### Supplied material
Lemma kern_path_rev_cons2 l z e e' s :
  kern_path l z (rev [:: e, e' & s]) = kern_path l z (rev (e' :: s)) * kern (l e) (l e').
Proof. by rewrite [in LHS]rev_cons kern_path_rcons rev_cons last_rcons. Qed.

(* Here the outermost variable [x = l e] is the one whose kernel involves an
   inner variable, so the inner integrals are collected into [kern_iter]. *)
Lemma iint_kern_path_rev_cons_le {s e z} g lam : uniq [:: z, e & s] ->
  (forall x, 0 <= g x) ->
  (iint (e :: s) (fun l => (g (l e) * kern_path l z (rev (e :: s)))%:E) lam <=
   \int[mu]_(x in pos) ((g x)%:E * kern_iter (lam z) (size s) x))%E.
Proof.
elim: s e g lam => [|e' s IH] e g lam.
  rewrite /= !inE => /andP[ze _] g0.
  apply: ge0_le_integral_nomeas => x _; first by rewrite lee_fin !mulr_ge0 ?g0 ?kern_ge0.
  by rewrite upd_eq upd_neq // mulr1 EFinM.
rewrite [uniq _]/= !inE !negb_or => /andP[/and3P[ze ze' zs] /andP[/andP[ee' es] us]] g0.
rewrite iint_cons; apply: ge0_le_integral_nomeas => x _.
  by apply: iint_ge0 => l _; rewrite lee_fin mulr_ge0 ?kern_path_ge0.
pose gx y := g x * kern x y.
rewrite (@eq_iint _ _ _ _ (fun l => (gx (l e') * kern_path l z (rev (e' :: s)))%:E)); last first.
  move=> l agree_l; rewrite kern_path_rev_cons2 agree_l ?upd_eq; last by rewrite inE negb_or ee'.
  by rewrite /gx mulrAC mulrA.
apply: le_trans (IH e' gx _ _ _) _.
- by rewrite /= inE negb_or ze' zs.
- by move=> y; rewrite mulr_ge0 ?kern_ge0.
rewrite upd_neq //; apply: le_trans (ge0_integral_le_setT _ _ _) _.
  by move=> y; rewrite mule_ge0 ?kern_iter_ge0 // lee_fin mulr_ge0 ?kern_ge0.
under eq_integral do rewrite EFinM -muleA.
rewrite ge0_integralZl_EFin //.
- by move=> y _; rewrite mule_ge0 ?kern_iter_ge0 ?lee_fin ?kern_ge0.
- apply: emeasurable_funM; last exact: measurable_kern_iter.
  by apply/measurable_EFinP; apply: measurable_kern => //; exact: measurable_cst.
Qed.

### Action item
An exact copy of all the records is the expected answer.

### Result
Lemma kern_path_rev_cons2 l z e e' s :
  kern_path l z (rev [:: e, e' & s]) = kern_path l z (rev (e' :: s)) * kern (l e) (l e').
Proof. by rewrite [in LHS]rev_cons kern_path_rcons rev_cons last_rcons. Qed.

(* Here the outermost variable [x = l e] is the one whose kernel involves an
   inner variable, so the inner integrals are collected into [kern_iter]. *)
Lemma iint_kern_path_rev_cons_le {s e z} g lam : uniq [:: z, e & s] ->
  (forall x, 0 <= g x) ->
  (iint (e :: s) (fun l => (g (l e) * kern_path l z (rev (e :: s)))%:E) lam <=
   \int[mu]_(x in pos) ((g x)%:E * kern_iter (lam z) (size s) x))%E.
Proof.
elim: s e g lam => [|e' s IH] e g lam.
  rewrite /= !inE => /andP[ze _] g0.
  apply: ge0_le_integral_nomeas => x _; first by rewrite lee_fin !mulr_ge0 ?g0 ?kern_ge0.
  by rewrite upd_eq upd_neq // mulr1 EFinM.
rewrite [uniq _]/= !inE !negb_or => /andP[/and3P[ze ze' zs] /andP[/andP[ee' es] us]] g0.
rewrite iint_cons; apply: ge0_le_integral_nomeas => x _.
  by apply: iint_ge0 => l _; rewrite lee_fin mulr_ge0 ?kern_path_ge0.
pose gx y := g x * kern x y.
rewrite (@eq_iint _ _ _ _ (fun l => (gx (l e') * kern_path l z (rev (e' :: s)))%:E)); last first.
  move=> l agree_l; rewrite kern_path_rev_cons2 agree_l ?upd_eq; last by rewrite inE negb_or ee'.
  by rewrite /gx mulrAC mulrA.
apply: le_trans (IH e' gx _ _ _) _.
- by rewrite /= inE negb_or ze' zs.
- by move=> y; rewrite mulr_ge0 ?kern_ge0.
rewrite upd_neq //; apply: le_trans (ge0_integral_le_setT _ _ _) _.
  by move=> y; rewrite mule_ge0 ?kern_iter_ge0 // lee_fin mulr_ge0 ?kern_ge0.
under eq_integral do rewrite EFinM -muleA.
rewrite ge0_integralZl_EFin //.
- by move=> y _; rewrite mule_ge0 ?kern_iter_ge0 ?lee_fin ?kern_ge0.
- apply: emeasurable_funM; last exact: measurable_kern_iter.
  by apply/measurable_EFinP; apply: measurable_kern => //; exact: measurable_cst.
Qed.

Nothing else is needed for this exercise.